Without a pacemaker, says physiologist Jan Huizinga, "gut muscles would generate contractions in a haphazard manner, and they could very easily go into a tonic contraction," a tight spasm from which they would be unable to relax. The pacemaker cells prevent that.

Researchers have suspected for some time that these cells--called the interstitial cells of Cajal--form the gut's pacemaker, but until Huizinga's work no one had been able to prove it. He and his colleagues dissected Cajal cells from the small intestines of mice. With tiny electrodes they measured the current across the cells' surfaces and detected a rhythmic flux of positively charged ions.

Huizinga believes that this flux, together with nerves signaling the presence of food, controls the contractions of gut muscles. When the cells' voltage is high, calcium channels in the gut muscles spring open, and the calcium inflow triggers the muscles to contract. When the voltage is low the gut muscles relax. There are 3 contractions per minute in the stomach and 12 per minute in the small intestine, says Huizinga.

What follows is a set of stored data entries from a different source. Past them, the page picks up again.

Lemma gd_iterates_exists (x0 : 'rV[R]_n.+1) : ~ dyadic (u x0) ->
  exists xs, gd_iterates (fobj a) c1 c2 x0 xs.
Proof.
move=> x0_nd; pose step y := get [set t | returns y t].
have step_returns y : ~ dyadic (u y) -> returns y (step y).
  by move=> /fobj_ls_returns[ex _]; exact: (getPex ex).
pose xs k := iter k (fun y => next y (step y)) x0.
have xs_nd k : ~ dyadic (u (xs k)).
  elim: k => [//|k xk_nd]; have xk_step := step_returns _ xk_nd.
  have [_ /(_ _ xk_step)[t2 /andP[ut _]]] := fobj_ls_returns xk_nd.
  exact: (nondyadic_next xk_nd t2 ut).
exists xs; split=> //; split=> k.
  exact/differentiable_fobj/nondyadic_coord0_neq0/xs_nd.
by exists (step (xs k)); split; [exact: step_returns|].
Qed.

Lemma gd_iterates_cvg (x0 : 'rV[R]_n.+1) xs :
  ~ dyadic (u x0) -> gd_iterates (fobj a) c1 c2 x0 xs ->
  exists2 xbar : 'rV[R]_n.+1, xs @ \oo --> xbar & xbar 0 ord0 = 0.
Proof.
move=> x0_nd [xs0 [_ /choice[T xsS]]].
have xs_nd k : ~ dyadic (u (xs k)).
  elim: k => [|k xk_nd]; first by rewrite xs0.
  have [rT ->] := xsS k; have [_ /(_ _ rT)[T2 /andP[uT _]]] := fobj_ls_returns xk_nd.
  exact: nondyadic_next.
have T_spec k := (fobj_ls_returns (xs_nd k)).2 _ (xsS k).1.
apply: (@cvg_halving_steps _ T _ _ _ a).
- by move=> k; have [/pow2_gt0] := T_spec k.
- move=> k; have [Tk2 /andP[uTk Tku]] := T_spec k.
  have [TSk2 /andP[_]] := T_spec k.+1.
  rewrite (xsS k).2 norm_coord0_next ?nondyadic_coord0_neq0 // => TSku.
  by apply: pow2_le_half => //; lra.
- move=> k; have [_ /andP[uTk _]] := T_spec k.
  by rewrite mulrC -ler_pdivrMr // ltW.
- move=> k i; rewrite (xsS k).2 steepest_stepS //.
  exact: nondyadic_coord0_neq0.
Qed.

End GradientDescent.

Theorem corollary2 (R : realType) (n : nat) (a c1 c2 : R) :
  (2 <= n)%N ->
  Num.sqrt (n%:R - 1) <= a ->
  0 < c1 -> c1 < c2 -> c2 < 1 ->
  c1 + (n%:R - 1) * (c1 - 1) / a ^+ 2 = 0 ->
  almost_surely (fun x0 : 'rV[R]_n =>
    (exists xs : nat -> 'rV[R]_n, gd_iterates (fobj a) c1 c2 x0 xs) /\
    forall xs : nat -> 'rV[R]_n, gd_iterates (fobj a) c1 c2 x0 xs ->
      exists xbar : 'rV[R]_n,
        xs @ \oo --> xbar /\ (forall i : 'I_n, val i = 0%N -> xbar 0 i = 0)).
Proof.
move=> n_ge2 sqrt_le c1_gt0 c1_lt_c2 c2_lt1 tau0.
case: n n_ge2 sqrt_le tau0 => [|[|n]] // _; rewrite -natr1 addrK => sqrt_le tau0.
have a_gt0 : 0 < a by apply: lt_le_trans sqrt_le; rewrite sqrtr_gt0 ltr0n.
have n_le_a2 : n.+1%:R <= a ^+ 2.
  by rewrite -(sqr_sqrtr (ler0n _ n.+1)) ler_pXn2r ?nnegrE ?sqrtr_ge0 ?(ltW a_gt0).
have {}tau0 : c1 * (a ^+ 2 + n.+1%:R) = n.+1%:R.
  move/(congr1 ( *%R^~ (a ^+ 2))): tau0.
  rewrite mul0r mulrDl mulfVK ?expf_neq0 ?gt_eqF //.
  by move=> h; rewrite mulrDr; lra.
have c2_gt0 : 0 < c2 by apply: lt_trans c1_lt_c2.
apply: lebesgue_nullS (lebesgue_null_dyadic_coord0 n.+1 (lt0r_neq0 a_gt0)) _.
move=> x0 /= x0_bad.
apply: contrapT => x0_nd; apply: x0_bad; split; first exact: gd_iterates_exists.
move=> xs /(gd_iterates_cvg a_gt0 n_le_a2 c2_gt0 c2_lt1 tau0 x0_nd)[xbar xs_cvg xbar0].
by exists xbar; split=> // i i0; rewrite (_ : i = ord0) //; exact: val_inj.
Qed.
(* Let $\lambda$ be a partition and let $T\xrightarrow{I}T'$ be an edge of the crystal skeleton $\mathsf{CS}(\lambda)$ with label the Dyck pattern interval $I$. Then there is an edge between $T$ and $T'$ in the dual equivalence graph $\mathsf{DE}(\lambda)$ if and only if $|I|=3$.
   Context: French notation; $|\lambda|=N$; $\mathsf{SYT}(\lambda)$ standard tableaux; reading word $\mathsf{row}(T)$ reads rows left to right from top row to bottom row. Standardization $\mathsf{std}$ of a semistandard tableau replaces the $a_j$ entries $j$, in reading order, by $a_1+\dots+a_{j-1}+1,\dots,a_1+\dots+a_j$. Crystal operator $f_i$ on semistandard tableaux: in the subword of $\mathsf{row}(b)$ of letters $i,i+1$, bracket each $i+1$ with an unbracketed $i$ to its right (parenthesis matching); $f_i$ changes the rightmost unbracketed $i$ to $i+1$. For a permutation $\pi$ of $[N]$ and $I=[i,i+2m]\subseteq[N]$, $m\ge1$, $I$ is a Dyck pattern interval of $\pi$ if the RSK insertion tableau of the subword $\pi|_I$ of letters in $I$ has bottom row $i,\dots,i+m$ and top row $i+m+1,\dots,i+2m$; a Dyck pattern interval of $T$ is one of $\mathsf{row}(T)$. The (labeled) crystal skeleton $\mathsf{CS}(\lambda)$ is the directed graph on $\mathsf{SYT}(\lambda)$ with, for each $T$ and each Dyck pattern interval $I=[i,i+2m]$ of $T$, an edge $T\xrightarrow{I}T'$ where $T'=\mathsf{std}(f_i(b))$ and $b$ is obtained from $T$ by replacing entries $i,\dots,i+m$ by $i$ and $i+m+1,\dots,i+2m$ by $i+1$. (Equivalently it is obtained from the crystal $B(\lambda)_n$, $n\ge N$, by contracting each quasi-crystal $\{b:\mathsf{std}(b)=T\}$ to a vertex.) The dual equivalence graph $\mathsf{DE}(\lambda)$ has vertex set $\mathsf{SYT}(\lambda)$ and an edge $T$—$D_i(T)$ for $1<i<N$, where on reading words $D_i$ acts by $\ldots i\ldots i{+}1\ldots i{-}1\ldots \leftrightarrow \ldots i{-}1\ldots i{+}1\ldots i\ldots$ and $\ldots i\ldots i{-}1\ldots i{+}1\ldots\leftrightarrow\ldots i{+}1\ldots i{-}1\ldots i\ldots$ (only the letters $i-1,i,i+1$ change), and is undefined otherwise. *)

From mathcomp Require Import all_boot.
Set Implicit Arguments. Unset Strict Implicit. Unset Printing Implicit Defensive.

(* Tableaux in French notation: a tableau is a list of rows, row 0 being the
   BOTTOM (longest) row; entries increase along rows (left to right) and up
   columns. *)
Definition tableau := seq (seq nat).

Definition is_partition (la : seq nat) : bool :=
  sorted geq la && all (fun p => 0 < p) la.

Definition row_word (T : tableau) : seq nat := flatten (rev T).

Definition tab_of_word (sh : seq nat) (w : seq nat) : tableau :=
  rev (reshape (rev sh) w).

Definition is_SYT (la : seq nat) (T : tableau) : bool :=
  [&& map size T == la,
      all (sorted ltn) T,
      all (fun r => all (fun c => nth 0 (nth [::] T r) c < nth 0 (nth [::] T r.+1) c)
                        (iota 0 (size (nth [::] T r.+1))))
          (iota 0 (size T))
    & perm_eq (row_word T) (iota 1 (sumn la))].

Fixpoint rs_insert (t : tableau) (x : nat) : tableau :=
  match t with
  | [::] => [:: [:: x]]
  | r :: t' =>
      if has (fun y => x < y) r then
        let k := find (fun y => x < y) r in
        set_nth 0 r k x :: rs_insert t' (nth 0 r k)
      else rcons r x :: t'
  end.

Definition RS (w : seq nat) : tableau := foldl rs_insert [::] w.

Definition dyck_interval (N : nat) (w : seq nat) (i m : nat) : bool :=
  [&& 0 < m, 0 < i, i + 2 * m <= N &
      RS [seq x <- w | i <= x <= i + 2 * m] == [:: iota i m.+1; iota (i + m + 1) m]].

(* position of the rightmost unbracketed letter i (each i+1 is bracketed
   with an unbracketed i to its right) *)
Fixpoint unbr_pos (i : nat) (w : seq nat) (open pos : nat) (acc : option nat)
  : option nat :=
  match w with
  | [::] => acc
  | x :: w' =>
      if x == i.+1 then unbr_pos i w' open.+1 pos.+1 acc
      else if x == i then
        (if 0 < open then unbr_pos i w' open.-1 pos.+1 acc
         else unbr_pos i w' open pos.+1 (Some pos))
      else unbr_pos i w' open pos.+1 acc
  end.

Definition f_word (i : nat) (w : seq nat) : option (seq nat) :=
  match unbr_pos i w 0 0 None with
  | Some p => Some (set_nth 0 w p i.+1)
  | None => None
  end.

Definition f_tab (i : nat) (b : tableau) : option tableau :=
  match f_word i (row_word b) with
  | Some w => Some (tab_of_word (map size b) w)
  | None => None
  end.

Definition std_word (w : seq nat) : seq nat :=
  [seq (count (fun y => y < nth 0 w k) w
        + count (pred1 (nth 0 w k)) (take k w)).+1 | k <- iota 0 (size w)].

Definition std (b : tableau) : tableau := tab_of_word (map size b) (std_word (row_word b)).

Definition collapse (i m : nat) (T : tableau) : tableau :=
  map (map (fun x => if i <= x <= i + m then i
                     else if i + m < x <= i + 2 * m then i.+1 else x)) T.

Definition CS_edge (la : seq nat) (T : tableau) (i m : nat) (T' : tableau) : Prop :=
  [/\ is_SYT la T, is_SYT la T', dyck_interval (sumn la) (row_word T) i m
    & exists b', f_tab i (collapse i m T) = Some b' /\ T' = std b'].

Definition swap_letters (a b : nat) (w : seq nat) : seq nat :=
  map (fun x => if x == a then b else if x == b then a else x) w.

Definition D_word (i : nat) (w : seq nat) : option (seq nat) :=
  let a := index i.-1 w in let b := index i w in let c := index i.+1 w in
  if ((b < c < a) || (a < c < b)) then Some (swap_letters i.-1 i w)
  else if ((b < a < c) || (c < a < b)) then Some (swap_letters i i.+1 w)
  else None.

Definition DE_edge (la : seq nat) (T T' : tableau) : Prop :=
  [/\ is_SYT la T, is_SYT la T'
    & exists i, [/\ 1 < i, i < sumn la & D_word i (row_word T) = Some (row_word T')]].

Definition DE_adjacent (la : seq nat) (T T' : tableau) : Prop :=
  DE_edge la T T' \/ DE_edge la T' T.

From mathcomp Require Import all_boot zify.
Set Implicit Arguments. Unset Strict Implicit. Unset Printing Implicit Defensive.

(* Let w be the reading word of T and call i..i+m the small and i+m+1..i+2m
   the big letters of I.  Since the insertion tableau of w restricted to I has
   the small letters in row 0 and the big ones in row 1, the small letters
   occur in w in increasing order, so do the big ones, and every suffix of w
   has at least as many small as big letters.  After collapsing I to {i, i+1}
   the only unbracketed i is therefore the letter i+k at the first position
   where the prefix has more small than big letters, and standardizing
   f_i of the collapsed word relabels w by the cycle
   i+k -> i+m+k -> i+m+k-1 -> ... -> i+k+1 -> i+k.
   An elementary dual equivalence exchanges two consecutive values, which this
   cycle does only for m = 1; for m = 1 the positions of i, i+1, i+2 in w
   forced by the facts above are exactly those on which D_{i+1} acts as this
   transposition. *)

Lemma count_take_drop (T : Type) (P : pred T) n (s : seq T) :
  count P (take n s) + count P (drop n s) = count P s.
Proof. by rewrite -count_cat cat_take_drop. Qed.

Lemma filter_take_count (T : Type) (P : pred T) n (s : seq T) :
  filter P (take n s) = take (count P (take n s)) (filter P s).
Proof.
by rewrite -{3}(cat_take_drop n s) filter_cat -size_filter take_size_cat.
Qed.

Lemma mem_take_count (T : eqType) (P : pred T) n (s : seq T) x : P x ->
  (x \in take n s) = (x \in take (count P (take n s)) (filter P s)).
Proof. by move=> Px; rewrite -filter_take_count mem_filter Px. Qed.

Lemma index_filter (T : eqType) (P : pred T) (s : seq T) x : P x ->
  index x (filter P s) = count P (take (index x s) s).
Proof.
move=> Px; have [xs|xNs] := boolP (x \in s); last first.
  by rewrite (memNindex xNs) take_size memNindex ?size_filter // mem_filter Px.
rewrite -{1}(cat_take_drop (index x s) s) drop_index // filter_cat /= Px.
by rewrite index_cat mem_filter in_take // ltnn andbF /= eqxx addn0 size_filter.
Qed.

Lemma index_filter_ltn (T : eqType) (P : pred T) (s : seq T) x y :
  P x -> P y -> x \in s ->
  (index x (filter P s) < index y (filter P s)) = (index x s < index y s).
Proof.
move=> Px Py xs; rewrite -in_take ?mem_filter ?Px // -in_take // index_filter //.
by rewrite -filter_take_count mem_filter Px.
Qed.

Lemma index_in_iota a n x : a <= x < a + n -> index x (iota a n) = x - a.
Proof.
move=> xI; have e : nth 0 (iota a n) (x - a) = x by rewrite nth_iota; lia.
by rewrite -{1}e index_uniq ?iota_uniq ?size_iota //; lia.
Qed.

The discovery may help people suffering from intestinal diseases like gastroparesis, which results from a failure of the gut muscles to contract properly. People with this disorder must be fed entirely by tube. Huizinga hopes that scientists will now be able to design drugs that can spur the nonfunctioning cells into action, or regenerate them where they have been destroyed by inflammatory bowel disease. "We now have a better understanding of how food moves through the stomach and small intestine," says Huizinga, "which also means we have a target cell for developing drugs."